Свеча давно потухла, но из окна еще шел тусклый вечерний свет, поэтому он схватил растрепанный молитвослов и примостился на стуле у подоконника. Было видно. Он с замиранием сердца открыл книгу на первом попавшемся месте — это был 54‑й псалом — и стал читать шепотом, вслух: «Вонми ми и услыши мя: возскорбех печалию моею и смятохся. От гласа вражия и от стужения грешнича, яко уклониша на мя беззаконие и во гневе враждоваху ми. Сердце мое смятеся во мне и боязнь смерти нападе на мя. Страх и трепет прииде на мя и покры мя тьма. И рех: кто даст ми криле, яко голубине? И полещу, и почию?»

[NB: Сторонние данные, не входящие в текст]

(* Let $\varphi:\mathbb{R}^n\to\mathbb{R}$ be continuously differentiable around $\bar x$ with $\nabla\varphi(\bar x)=0$, where $\nabla\varphi$ is locally Lipschitzian around $\bar x$ with modulus $\ell>0$ and semismooth$^*$ at $\bar x$. Let $x^k\to\bar x$ with $x^k\neq\bar x$ for all $k$, and let $\{d^k\}$ satisfy $\|x^k+d^k-\bar x\|=o(\|x^k-\bar x\|)$. Consider: (i) $\nabla\varphi$ is directionally differentiable at $\bar x$ and there is $\kappa>0$ with $\langle\nabla\varphi(x^k),d^k\rangle\le-\frac1\kappa\|d^k\|^2$ for all sufficiently large $k$; (ii) there is $\kappa>0$ with $\varphi(x^k+d^k)-\varphi(x^k)\le\langle\nabla\varphi(x^k+d^k),d^k\rangle-\frac1{2\kappa}\|d^k\|^2$ for all sufficiently large $k$. Then $\varphi(x^k+d^k)\le\varphi(x^k)+\sigma\langle\nabla\varphi(x^k),d^k\rangle$ for all sufficiently large $k$, provided that either (i) holds and $\sigma\in(0,\tfrac12)$, or (ii) holds and $\sigma\in(0,1/(2\ell\kappa))$.
   Context: Regular normal cone: $\widehat N_\Omega(\bar z):=\{v\mid \limsup_{z\to\bar z,\,z\in\Omega}\langle v,z-\bar z\rangle/\|z-\bar z\|\le 0\}$. Directional limiting normal cone: $N_\Omega(\bar z;d):=\{v\mid\exists t_k\downarrow0,\ d_k\to d,\ v_k\to v \text{ with } v_k\in\widehat N_\Omega(\bar z+t_kd_k)\}$. Directional coderivative of $F:\mathbb{R}^n\rightrightarrows\mathbb{R}^m$: $D^*F((\bar x,\bar y);(u,v))(v^* ):=\{u^*\mid(u^*,-v^* )\in N_{\operatorname{gph}F}((\bar x,\bar y);(u,v))\}$. $F$ is semismooth$^*$ at $(\bar x,\bar y)\in\operatorname{gph}F$ if for all $(u,v)\in\mathbb{R}^n\times\mathbb{R}^m$, $\langle u^*,u\rangle=\langle v^*,v\rangle$ whenever $u^*\in D^*F((\bar x,\bar y);(u,v))(v^* )$. ''$\nabla\varphi$ semismooth$^*$ at $\bar x$'' means at $(\bar x,\nabla\varphi(\bar x))$. *)

(* R : realType, R^n rendered as row vectors 'rV[R]_n with the
   Euclidean inner product and norm defined below. *)
From HB Require Import structures.
From mathcomp Require Import all_boot all_order all_algebra.
From mathcomp Require Import reals.
Set Implicit Arguments. Unset Strict Implicit. Unset Printing Implicit Defensive.
Import Order.TTheory GRing.Theory Num.Theory.
Local Open Scope ring_scope.

Definition dotv {R : realType} {n : nat} (u v : 'rV[R]_n) : R :=
  \sum_(i < n) u 0 i * v 0 i.
Definition normv {R : realType} {n : nat} (u : 'rV[R]_n) : R :=
  Num.sqrt (dotv u u).

Definition pdot {R : realType} {n m : nat} (z w : 'rV[R]_n * 'rV[R]_m) : R :=
  dotv z.1 w.1 + dotv z.2 w.2.
Definition psub {R : realType} {n m : nat} (z w : 'rV[R]_n * 'rV[R]_m)
  : 'rV[R]_n * 'rV[R]_m := (z.1 - w.1, z.2 - w.2).
Definition pnorm {R : realType} {n m : nat} (z : 'rV[R]_n * 'rV[R]_m) : R :=
  Num.sqrt (pdot z z).

(* Regular (Fréchet) normal cone: v ∈ N̂_Ω(z̄) iff z̄ ∈ Ω and
   limsup_{z -> z̄, z ∈ Ω} <v, z - z̄>/||z - z̄|| <= 0 (empty if z̄ ∉ Ω). *)
Definition regular_normal {R : realType} {n m : nat}
  (Om : 'rV[R]_n * 'rV[R]_m -> Prop) (zb v : 'rV[R]_n * 'rV[R]_m) : Prop :=
  Om zb /\
  forall eps : R, 0 < eps -> exists delta : R, 0 < delta /\
    forall z, Om z -> pnorm (psub z zb) < delta ->
      pdot v (psub z zb) <= eps * pnorm (psub z zb).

Он еще не понял почему, но ему незамедлительно стало легче. «Кто даст мне криле, яко голубине?» — повторил он. Слова завораживали его, даже не смыслом, а одним только волшебством звучания. Голубине — Пустыне-Чужбине! Он схватил припрятанный за печкой обломок карандаша и начал писать на полях книги — скоро, как только мог, пока слова еще пели в нем.

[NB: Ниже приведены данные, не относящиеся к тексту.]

(* Let $H_1<G_1$ and $H_2<G_2$ be groups and $K_1,K_2$ groups. If $H_1<G_1$ is relatively sofic over $K_1$ and $H_2<G_2$ is relatively sofic over $K_2$, then $H_1\times H_2<G_1\times G_2$ is relatively sofic over $K_1\times K_2$.
   Context: $H<G$ is relatively sofic over a group $K$ if there exist a sequence of inclusions of groups $(H_i<G_i)_{i\in\mathbb N}$ with all $G_i$ sofic and all $H_i$ amenable, a free ultrafilter $\omega$ on $\mathbb N$, and an embedding $\pi:G\to\prod_\omega(G_i\times K)$ into the algebraic ultraproduct such that $\pi(G)\cap\prod_\omega(H_i\times K)=\pi(H)$. The algebraic ultraproduct is $\prod_\omega L_i=(\prod_i L_i)/N$ with $N=\{(g_i):\{i:g_i=1\}\in\omega\}$. *)

From mathcomp Require Import all_boot fingroup perm.
From Stdlib Require Import Reals ProofIrrelevance.

Set Implicit Arguments.
Unset Strict Implicit.
Unset Printing Implicit Defensive.

Record Grp := MkGroup {
  carrier :> Type;
  gmul : carrier -> carrier -> carrier;
  gone : carrier;
  ginv : carrier -> carrier;
  gmulA : forall x y z, gmul x (gmul y z) = gmul (gmul x y) z;
  gmul1l : forall x, gmul gone x = x;
  gmul1r : forall x, gmul x gone = x;
  gmulVl : forall x, gmul (ginv x) x = gone;
  gmulVr : forall x, gmul x (ginv x) = gone }.
(* Let $G$, $H$, the supervisors with $\Sigma_{o,i},\Sigma_{c,i},N_{o,i}$, a controllable event $\sigma\in\Sigma_c$, $N=\max\{N_{o,i}:i\in I^c(\sigma)\}$, and the verifiers $V^k_\sigma$ ($k=0,\dots,N$) with reachable state sets $X^k_\sigma$ be as in the context. Then $\mathcal{L}(H)$ is delay coobservable w.r.t. $N_{o,1},\dots,N_{o,n}$, $\sigma$, and $\mathcal{L}(G)$ if and only if for every $k\in\{0,1,\dots,N\}$ there is no state $(q,(q_i)_{i\in I^c(\sigma)},k)\in X^k_\sigma$ with $\sigma\in\Gamma(q)\setminus\Gamma_H(q)$ and $\sigma\in\Gamma^{aug}_{H,N_{o,i}}(q_i)$ for all $i\in I^c(\sigma)$.
   Context: $G=(Q,\Sigma,\delta,\Gamma,q_0,Q_m)$ is a deterministic finite automaton (transition function extended to strings; $\Gamma(q)$ = set of events defined at $q$; $\mathcal{L}(G)$ its generated language). $H=(Q_H,\Sigma,\delta_H,\Gamma_H,q_0,Q_{m,H})$ is a sub-automaton of $G$. For a string $s$, $|s|$ is its length, $s_{-m}$ its prefix of length $\max\{0,|s|-m\}$, $\Sigma^{\le M}$ the strings of length at most $M$. Supervisors $I=\{1,\dots,n\}$: supervisor $i$ has observable events $\Sigma_{o,i}$, $\Sigma_{uo,i}=\Sigma\setminus\Sigma_{o,i}$, controllable events $\Sigma_{c,i}$, delay bound $N_{o,i}\in\mathbb{N}$; $\Sigma_c=\bigcup_i\Sigma_{c,i}$, $I^c(\sigma)=\{i:\sigma\in\Sigma_{c,i}\}$. $P_i$ is natural projection onto $\Sigma_{o,i}^*$; $\Theta_i^{N_{o,i}}(s)=\{P_i(s_{-m}):0\le m\le N_{o,i}\}$ for $s\in\mathcal{L}(G)$; $(\Theta_i^{N_{o,i}})^{-1}(t)=\{u\in\mathcal{L}(G):t\in\Theta_i^{N_{o,i}}(u)\}$, extended to sets elementwise. $\mathcal{L}(H)$ is delay coobservable w.r.t. $N_{o,1},\dots,N_{o,n}$, $\sigma$, and $\mathcal{L}(G)$ if for every $s\in\mathcal{L}(H)$ with $s\sigma\in\mathcal{L}(G)\setminus\mathcal{L}(H)$ there is $i\in I^c(\sigma)$ with $(\Theta_i^{N_{o,i}})^{-1}(\Theta_i^{N_{o,i}}(s))\sigma\cap\mathcal{L}(H)=\emptyset$. Augmented automaton $H^{aug}_N$: states $Q_H\cup\{q_{dis}\}$; for $q\in Q_H$, $e\in\Sigma$: $\delta^{aug}(q,e)=\delta_H(q,e)$ if $e\in\Gamma_H(q)$, $=q_{dis}$ if $e\notin\Gamma_H(q)$ and $e\in\Gamma_H(\delta_H(q,s'))$ for some $s'\in\Sigma^{\le N}$ with $\delta_H(q,s')$ defined, undefined otherwise; $\Gamma^{aug}_{H,N}(q)$ is the set of events defined at $q$ in $H^{aug}_N$. For $k\in\{0,\dots,N\}$ the verifier $V^k_\sigma$ has states $(q,(q_i)_{i\in I^c(\sigma)},d)$ with $q,q_i\in Q_H$, $d\in[0,k]$. Initial states: for $k<N$, the single state $(q_0,(q_0)_i,0)$; for $k=N$, all $(q,(q_i)_i,0)$ such that there exist $t\in\mathcal{L}(H)$ with $q=\delta_H(q_0,t)$ and, for each $i\in I^c(\sigma)$, $s_i\in\mathcal{L}(H)$ with $q_i=\delta_H(q_0,s_i)$ and $P_i(s_i)=P_i(t)$. At a state $(q,(q_i)_i,d)$ and for $e\in\Sigma$, each $i\in I^c(\sigma)$ falls in one case: C1: $k-d>N_{o,i}$, $e\in\Sigma_{o,i}$; C2: $k-d>N_{o,i}$, $e\in\Sigma_{uo,i}$; C3: $k-d\le N_{o,i}$, $\sigma\notin\Gamma^{aug}_{H,N_{o,i}}(q_i)$, $e\in\Sigma_{o,i}$; C4: $k-d\le N_{o,i}$, $\sigma\notin\Gamma^{aug}_{H,N_{o,i}}(q_i)$, $e\in\Sigma_{uo,i}$; C5: $k-d\le N_{o,i}$, $\sigma\in\Gamma^{aug}_{H,N_{o,i}}(q_i)$. Type-1 transition: if $d+1\le k$, $\delta_H(q,e)$ is defined, and $\delta_H(q_i,e)$ is defined for every $i$ in C1 or C3, there is a transition to $(\delta_H(q,e),(q_i')_i,d+1)$ with $q_i'=\delta_H(q_i,e)$ for $i$ in C1 or C3 and $q_i'=q_i$ otherwise. Type-2 transition: for each $i$ in C2 or C4 with $\delta_H(q_i,e)$ defined, there is a transition to the state obtained by replacing $q_i$ by $\delta_H(q_i,e)$, all other components unchanged. $X^k_\sigma$ is the set of states of $V^k_\sigma$ reachable from its initial state(s). *)

From mathcomp Require Import all_boot.
Set Implicit Arguments. Unset Strict Implicit. Unset Printing Implicit Defensive.

Section DelayCoobs.
Variables (Q Sigma : finType).

Definition ext (d : Q -> Sigma -> option Q) (q : Q) (s : seq Sigma) : option Q :=
  foldl (fun o e => if o is Some p then d p e else None) (Some q) s.

Definition lang (d : Q -> Sigma -> option Q) (q0 : Q) (s : seq Sigma) : Prop :=
  ext d q0 s <> None.

Definition proj (So : {set Sigma}) (s : seq Sigma) : seq Sigma :=
  [seq e <- s | e \in So].

Definition trunc (s : seq Sigma) (m : nat) : seq Sigma := take (size s - m) s.

Definition Theta (So : {set Sigma}) (No : nat) (s t : seq Sigma) : Prop :=
  exists m, m <= No /\ t = proj So (trunc s m).

Definition Theta_inv (delta : Q -> Sigma -> option Q) (q0 : Q)
  (So : {set Sigma}) (No : nat) (T : seq Sigma -> Prop) (u : seq Sigma) : Prop :=
  lang delta q0 u /\ exists t, T t /\ Theta So No u t.

Definition delay_coobservable (delta deltaH : Q -> Sigma -> option Q) (q0 : Q)
  (n : nat) (So Sc : 'I_n -> {set Sigma}) (No : 'I_n -> nat) (sigma : Sigma) : Prop :=
  forall s, lang deltaH q0 s ->
    lang delta q0 (rcons s sigma) -> ~ lang deltaH q0 (rcons s sigma) ->
    exists i, sigma \in Sc i /\
      forall u, Theta_inv delta q0 (So i) (No i) (Theta (So i) (No i) s) u ->
        ~ lang deltaH q0 (rcons u sigma).

(* Augmented automaton H^aug_N: transitions from q \in Q_H, with target
   [Some q'] a state of Q_H or [None] standing for q_dis. *)
Definition aug_trans (QH : {set Q}) (deltaH : Q -> Sigma -> option Q) (N : nat)
  (q : Q) (e : Sigma) (x : option Q) : Prop :=
  q \in QH /\
  ((exists q', deltaH q e = Some q' /\ x = Some q') \/
   (deltaH q e = None /\ x = None /\
     exists s' p, size s' <= N /\ ext deltaH q s' = Some p /\ deltaH p e <> None)).

Definition GammaAug (QH : {set Q}) (deltaH : Q -> Sigma -> option Q) (N : nat)
  (q : Q) (e : Sigma) : Prop :=
  exists x, aug_trans QH deltaH N q e x.

Section Verifier.
Variables (QH : {set Q}) (deltaH : Q -> Sigma -> option Q) (q0 : Q)
  (n : nat) (So Sc : 'I_n -> {set Sigma}) (No : 'I_n -> nat) (sigma : Sigma).

Definition Ic (i : 'I_n) : bool := sigma \in Sc i.

Definition Nmax : nat := \max_(i < n | Ic i) No i.

(* Verifier states (q, (q_i)_i, d); the components q_i for i \notin I^c(sigma)
   are dummy (fixed to q0, never updated). *)
Definition vstate : Type := (Q * ('I_n -> Q) * nat)%type.

Definition C1 (k d : nat) (i : 'I_n) (qi : Q) (e : Sigma) : Prop :=
  No i < k - d /\ e \in So i.
Definition C2 (k d : nat) (i : 'I_n) (qi : Q) (e : Sigma) : Prop :=
  No i < k - d /\ e \notin So i.
Definition C3 (k d : nat) (i : 'I_n) (qi : Q) (e : Sigma) : Prop :=
  k - d <= No i /\ ~ GammaAug QH deltaH (No i) qi sigma /\ e \in So i.
Definition C4 (k d : nat) (i : 'I_n) (qi : Q) (e : Sigma) : Prop :=
  k - d <= No i /\ ~ GammaAug QH deltaH (No i) qi sigma /\ e \notin So i.
Definition C5 (k d : nat) (i : 'I_n) (qi : Q) (e : Sigma) : Prop :=
  k - d <= No i /\ GammaAug QH deltaH (No i) qi sigma.

Definition v_init (k : nat) (x : vstate) : Prop :=
  let: (q, qs, d) := x in
  d = 0 /\
  if k < Nmax then q = q0 /\ (forall i, qs i = q0)
  else k = Nmax /\
    exists t, lang deltaH q0 t /\ ext deltaH q0 t = Some q /\
      forall i, (Ic i -> exists si, lang deltaH q0 si /\
                   ext deltaH q0 si = Some (qs i) /\ proj (So i) si = proj (So i) t)
             /\ (~~ Ic i -> qs i = q0).

Definition v_step1 (k : nat) (x y : vstate) : Prop :=
  let: (q, qs, d) := x in
  exists e q' qs',
    d.+1 <= k /\ deltaH q e = Some q' /\
    (forall i, Ic i -> (C1 k d i (qs i) e \/ C3 k d i (qs i) e) ->
        deltaH (qs i) e = Some (qs' i)) /\
    (forall i, ~ (Ic i /\ (C1 k d i (qs i) e \/ C3 k d i (qs i) e)) -> qs' i = qs i) /\
    y = (q', qs', d.+1).

Definition v_step2 (k : nat) (x y : vstate) : Prop :=
  let: (q, qs, d) := x in
  exists e i qi',
    Ic i /\ (C2 k d i (qs i) e \/ C4 k d i (qs i) e) /\
    deltaH (qs i) e = Some qi' /\
    y = (q, (fun j => if j == i then qi' else qs j), d).

Inductive v_reach (k : nat) : vstate -> Prop :=
| VR_init x : v_init k x -> v_reach k x
| VR_step1 x y : v_reach k x -> v_step1 k x y -> v_reach k y
| VR_step2 x y : v_reach k x -> v_step2 k x y -> v_reach k y.

End Verifier.
End DelayCoobs.

(* A reachable verifier state (q, (q_i), d) is explained by a string t w of H
   reaching q with |w| = d and, for every i, a string u_i reaching q_i that
   supervisor i cannot tell from t w with at most its last d events removed.
   At a violating state of level k, extending u_i by the at most N_{o,i} events
   that enable sigma from q_i gives a string of Theta_i^{-1}(Theta_i(t w)) that
   H continues by sigma, so delay coobservability fails.
   Conversely, take a counterexample s with such strings U_i for all i, let w be
   the last k = min(|s|, N) events of s and u_i the prefix of U_i whose
   observation is a delayed observation of s. Drive the verifier along w by
   type-1 transitions, component i following u_i and consuming the events it
   cannot observe by type-2 transitions; once u_i is exhausted, sigma is enabled
   within N_{o,i} steps and the component freezes (case C5). At level k every
   component is frozen: the state reached is violating. *)

From mathcomp Require Import all_boot zify.
From Stdlib Require Import Classical.
Set Implicit Arguments. Unset Strict Implicit. Unset Printing Implicit Defensive.

Section Languages.
Variables (Q Sigma : finType).
Implicit Types (delta deltaH : Q -> Sigma -> option Q) (A : {set Sigma}).
Implicit Types (s a b : seq Sigma).

Lemma ext_cat delta q a b :
  ext delta q (a ++ b) = if ext delta q a is Some p then ext delta p b else None.
Proof. by rewrite /ext foldl_cat; case: (foldl _ _ a) => //; elim: b. Qed.

Lemma ext_rcons delta q s e :
  ext delta q (rcons s e) = if ext delta q s is Some p then delta p e else None.
Proof. by rewrite -cats1 ext_cat; case: (ext delta q s). Qed.

Lemma ext_prefix delta q a b :
  ext delta q (a ++ b) <> None -> exists p, ext delta q a = Some p.
Proof. by rewrite ext_cat; case: (ext delta q a) => [p|] // _; exists p. Qed.

Lemma proj_cat A a b : proj A (a ++ b) = proj A a ++ proj A b.
Proof. exact: filter_cat. Qed.

Lemma proj_rcons A s e :
  proj A (rcons s e) = if e \in A then rcons (proj A s) e else proj A s.
Proof. exact: filter_rcons. Qed.

Lemma proj_prefix A s a b :
  proj A s = a ++ b -> exists v r, s = v ++ r /\ proj A v = a.
Proof.
elim: s a => [|e s IH] [|x a] //=; try by exists [::]; eexists.
rewrite /proj /=; case: ifP => eA.
  case=> <- /IH [v [r [-> hv]]].
  by exists (e :: v), r; rewrite /= eA -hv.
move=> /(IH (x :: a)) [v [r [-> hv]]].
by exists (e :: v), r; rewrite /= eA -hv.
Qed.

Lemma trunc_cat a b m : m <= size b \/ a = [::] -> trunc (a ++ b) m = a ++ trunc b m.
Proof.
rewrite /trunc size_cat => -[hm|->] //.
rewrite (_ : _ - m = size a + (size b - m)); last by lia.
by rewrite takeD take_size_cat // drop_size_cat.
Qed.

Lemma trunc_size_cat a b : trunc (a ++ b) (size b) = a.
Proof. by rewrite /trunc size_cat addnK take_size_cat. Qed.

Definition subautomaton (QH : {set Q}) delta deltaH :=
  forall q e q', q \in QH -> deltaH q e = Some q' -> q' \in QH /\ delta q e = Some q'.

Lemma subautomaton_ext QH delta deltaH : subautomaton QH delta deltaH ->
  forall s q p, q \in QH -> ext deltaH q s = Some p -> p \in QH /\ ext delta q s = Some p.
Proof.
move=> hsub s q + qH; elim/last_ind: s => [|s e IH] p; first by case=> <-.
rewrite !ext_rcons; case E: (ext deltaH q s) => [p'|] // hp.
by have [p'H ->] := IH _ E; apply: hsub.
Qed.

Lemma GammaAugE QH deltaH N q e : GammaAug QH deltaH N q e <->
  q \in QH /\ exists s p, size s <= N /\ ext deltaH q s = Some p /\ deltaH p e <> None.
Proof.
split=> [[x [qH [[q' [E _]]|[_ [_ reach_e]]]]] | [qH [s [p [hs [hp hpe]]]]]] //.
  by split=> //; exists [::], q; rewrite E.
case E: (deltaH q e) => [q'|]; first by exists (Some q'); split=> //; left; exists q'.
by exists None; split=> //; right; split=> //; split=> //; exists s, p.
Qed.

End Languages.

Section DelayCoobservability.
Variables (Q Sigma : finType) (delta deltaH : Q -> Sigma -> option Q) (q0 : Q)
  (QH : {set Q}) (n : nat) (So Sc : 'I_n -> {set Sigma}) (No : 'I_n -> nat)
  (sigma : Sigma).

Notation reach := (v_reach QH deltaH q0 So Sc No sigma).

Мне тошно здесь, как на чужбине.Когда я сброшу жизнь мою?Кто даст крыле мне голубине,Да полечу и почию.Весь мир как смрадная могила!Душа из тела рвется вон…Творец!

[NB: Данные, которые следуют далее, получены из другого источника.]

(* Call a pair a <= b of inputs bad for a circuit if some node drops from 1 to 0
   between a and b.  Every jump of F is bad, so d(F) is bounded by the number of
   bad consecutive pairs along a chain.  A circuit without [om]-gates is monotone
   and has no bad pairs.  Otherwise let g be its first [om]-gate: the inputs of g
   depend monotonically on x, so along a chain g changes value at most
   2 r(B) + 1 times, and between two changes the circuit agrees with the one in
   which g is frozen to a constant, which has one [om]-gate less.  By induction a
   circuit of weight w has at most (2 r(B) + 1)(2^w - 1) bad pairs along a chain,
   so d(F) + 1 <= (2 r(B) + 1) 2^w; now take logarithms. *)

From Stdlib Require Import Reals Lra.
From mathcomp Require Import all_boot.
From mathcomp Require Import zify.
Set Implicit Arguments. Unset Strict Implicit. Unset Printing Implicit Defensive.

Section AdjacentSums.
Variable T : Type.
Implicit Types (w : T -> T -> nat) (s : seq T) (f : T -> bool).

Fixpoint adjsum w s : nat :=
  if s is x :: s' then (if s' is y :: _ then w x y else 0) + adjsum w s' else 0.

Lemma adjsum_cons2 w x y s : adjsum w [:: x, y & s] = w x y + adjsum w (y :: s).
Proof. by []. Qed.

Lemma adjsum_sorted_le (R : rel T) w w' s :
  (forall a b, R a b -> w a b <= w' a b) -> sorted R s -> adjsum w s <= adjsum w' s.
Proof.
move=> le_w; elim: s => //= x [|y s] IH //= /andP[Rxy Rs].
by rewrite leq_add ?le_w ?IH.
Qed.

Lemma adjsum_le w w' s : (forall a b, w a b <= w' a b) -> adjsum w s <= adjsum w' s.
Proof.
move=> le_w; apply: (@adjsum_sorted_le (fun _ _ => true)) => //.
by elim: s => //= x [|y s].
Qed.

Lemma adjsum0 s : adjsum (fun _ _ => 0) s = 0.
Proof. by elim: s => //= x s ->; case: s. Qed.

Lemma adjsumD w w' s :
  adjsum (fun a b => w a b + w' a b) s = adjsum w s + adjsum w' s.
Proof. by elim: s => //= x s ->; case: s => [|y s] /=; lia. Qed.

Lemma adjsum_filter f w s :
  adjsum (fun a b => if f a && f b then w a b else 0) s <= adjsum w (filter f s).
Proof.
elim: s => //= x s IH; case fx: (f x) => /=; last by case: s IH.
case: s IH => [|y s] //=; case fy: (f y) => /= IH; first by rewrite leq_add2l.
by apply: leq_trans IH _; case: (filter f s) => //= z t; rewrite leq_addl.
Qed.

Кондратий Федорович запнулся. А ведь как шло, как шло! Он никогда не писал так скоро, стихотворная речь не была ему легка, напротив, он испытывал порою мучительную зависть к своему славному соседу по Парнасу. «Я не поэт, я гражданин!» — когда–то возразил он на критику Пушкина. Потом князь Вяземский передал ему язвительный ответ: «Не поэт, так гражданствуй прозою!» О господи, чем же обладал Александр Сергеевич, где был тот ключ Кастальский, который поил его легкостью? Да, точно, никто не видал его черновиков, и может быть, эта легкость такой же кровью давалась? Впрочем, обманывать себя более не было времени. Не такою! «Творец, ты тра–та–та и сила», — звучало в нем. «Творец, ты мне…тра–та и сила»… «Творец, ты мне прибежище…» Да, прибежище! И точная цитата из другого псалма! Кондратий Федорович поморщился, как от физической боли, но разломал ямбический размер.